第2液:路(卢)戈碘液碘化钾 2 g碘 1 g蒸馏水300 ml先将碘化钾溶于少量蒸馏水中,再将碘溶于碘化钾溶液中,溶解时可稍加热,最后补充蒸馏水量。
第3液:脱色剂(1)95%乙醇或丙酮乙醇溶液100 ml95%乙醇70 ml丙酮30 ml第4液:番红花红染色液2.5%番红0 (Safranin 0)95%酒精溶液10 ml蒸馏水90 ml。
装片染色方法
装片染色方法在生物学和医学领域中,装片染色是一种常用的实验技术,用于观察细胞和组织的微观结构。
本文将详细介绍几种常见的装片染色方法,以供参考。
一、苏木精-伊红染色(H&E染色)1.装片准备:将固定好的组织样本切成薄片,粘贴在载玻片上。

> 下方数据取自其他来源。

(* A $\mathtt{dCBN}$ term $M$ is $\mathtt{dCBN}$-meaningful if and only if $\mathrm{nf}(\mathcal T^n(M))\neq\emptyset$.
   Context: \textbf{dCBN.} Terms $M,N::=x\mid\lambda x.M\mid MN\mid M[N/x]$ ($M[N/x]$ explicit substitution binding $x$, $M\{N/x\}$ capture-avoiding substitution); list contexts $L::=\square\mid L[N/x]$. $\to_n$ is the closure under all contexts of $L\langle\lambda x.M\rangle N\mapsto L\langle M[N/x]\rangle$ and $M[N/x]\mapsto M\{N/x\}$. Testing contexts $T::=\square\mid TN\mid(\lambda x.T)N$. $M$ is $\mathtt{dCBN}$-meaningful if there is a testing context $T$ with $T\langle M\rangle\to_n^*\lambda x.x$. \textbf{Resource calculus.} Resource terms $m,n::=x\mid\lambda x.m\mid mn\mid m[n/x]\mid\mathrm{der}\,m\mid[m_1,\dots,m_k]$ ($k\ge0$ multisets); $l::=\square\mid l[n/x]$. Reduction (to a resource term or zero $\emptyset$), closed under all contexts: $\mathrm{der}(l\langle[m]\rangle)\to l\langle m\rangle$; $\mathrm{der}(l\langle[m_1,\dots,m_k]\rangle)\to\emptyset$ if $k\ne1$; $l\langle\lambda x.m\rangle n\to l\langle m[n/x]\rangle$; $m[l\langle[n_1,\dots,n_k]\rangle/x]\to l\langle m\{n_{\sigma(1)}/x_1,\dots,n_{\sigma(k)}/x_k\}\rangle$ for each permutation $\sigma$ when $x_1,\dots,x_k$ are exactly the free occurrences of $x$ in $m$, else $\to\emptyset$. \textbf{dCBN Taylor expansion.} $x\sqsubset_n x$; $\lambda x.m\sqsubset_n\lambda x.M$ if $m\sqsubset_n M$; $m[n_1,\dots,n_k]\sqsubset_n MN$ and $m[[n_1,\dots,n_k]/x]\sqsubset_n M[N/x]$ ($k\ge0$) if $m\sqsubset_n M$ and all $n_i\sqsubset_n N$. $\mathcal T^n(M)=\{m\mid m\sqsubset_n M\}$; $\mathrm{nf}(\mathcal T^n(M))$ is the set of normal resource terms $p$ with $m\to^*p$ for some $m\in\mathcal T^n(M)$. *)

(* Terms are represented with de Bruijn indices
   (alpha-equivalence is syntactic equality). *)
From Stdlib Require Import List Arith Relations Permutation.
Import ListNotations.

Inductive term : Type :=
| Var : nat -> term
| Lam : term -> term
| App : term -> term -> term
| ES  : term -> term -> term.   (* ES M N = M[N/x], binds index 0 in M *)

Fixpoint lift (c k : nat) (t : term) : term :=
  match t with
  | Var i => if i <? c then Var i else Var (i + k)
  | Lam t => Lam (lift (S c) k t)
  | App t u => App (lift c k t) (lift c k u)
  | ES t u => ES (lift (S c) k t) (lift c k u)
  end.

Fixpoint subst (j : nat) (N : term) (t : term) : term :=
  match t with
  | Var i => if i <? j then Var i
             else if i =? j then lift 0 j N
             else Var (i - 1)
  | Lam t => Lam (subst (S j) N t)
  | App t u => App (subst j N t) (subst j N u)
  | ES t u => ES (subst (S j) N t) (subst j N u)
  end.

(* list contexts L ::= [] | L[N/x]; the head of the list is the outermost
   explicit substitution *)
Fixpoint plugL (L : list term) (t : term) : term :=
  match L with
  | [] => t
  | N :: L' => ES (plugL L' t) N
  end.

2.染色步骤:a.使用苏木精染液对装片进行初染,约5-10分钟。
b.用清水冲洗,去除多余染料。
c.使用1%的盐酸酒精分化,约30秒。
d.用清水冲洗,去除多余分化液。
e.使用伊红染液复染,约1-3分钟。
f.用清水冲洗,去除多余染料。
g.晾干装片,进行显微镜观察。
二、免疫荧光染色1.装片准备:将细胞或组织样本固定在载玻片上。
2.染色步骤:a.使用适当浓度的封闭液,室温封闭1小时。
b.加入一抗,室温或4℃孵育过夜。
c.用PBST(磷酸盐缓冲液+吐温-20)清洗装片,重复3次。
d.加入荧光二抗,室温孵育1小时。
e.用PBST清洗装片,重复3次。
f.晾干装片,进行荧光显微镜观察。
三、银染法1.装片准备:将细胞或组织样本固定在载玻片上。
2.染色步骤:a.使用银染液进行初染,室温孵育5-10分钟。
b.用清水冲洗,去除多余染料。
c.使用显影液进行显影,约1-3分钟。
d.用清水冲洗,去除多余显影液。
e.使用定影液进行定影,约3-5分钟。
f.用清水冲洗,去除多余定影液。
g.晾干装片,进行显微镜观察。
四、甘油醛-苏丹黑染色(Golgi染色)1.装片准备:将细胞或组织样本固定在载玻片上。
2.染色步骤:a.使用甘油醛溶液进行初染,室温孵育5-10分钟。
b.用清水冲洗,去除多余染料。
c.使用苏丹黑溶液进行复染,室温孵育1-3分钟。
d.用清水冲洗,去除多余染料。
e.晾干装片,进行显微镜观察。
总结:以上为几种常见的装片染色方法,适用于不同类型的细胞和组织样本。
在实际操作过程中,可根据实验需求选择合适的染色方法。
染色流程
染色步骤流程
实验室染色流程图
染色步骤说明及规范:
实验室技术人员应掌握各种染液的不稳定性,以便调整染色时间,并熟悉各种染液在染色后在显微镜下呈现的颜色。
1.染色目的:使细胞核结构清晰显示,各种染色反映的细胞能恰当地显示胞浆分色,使细胞透明度提高,结构清晰。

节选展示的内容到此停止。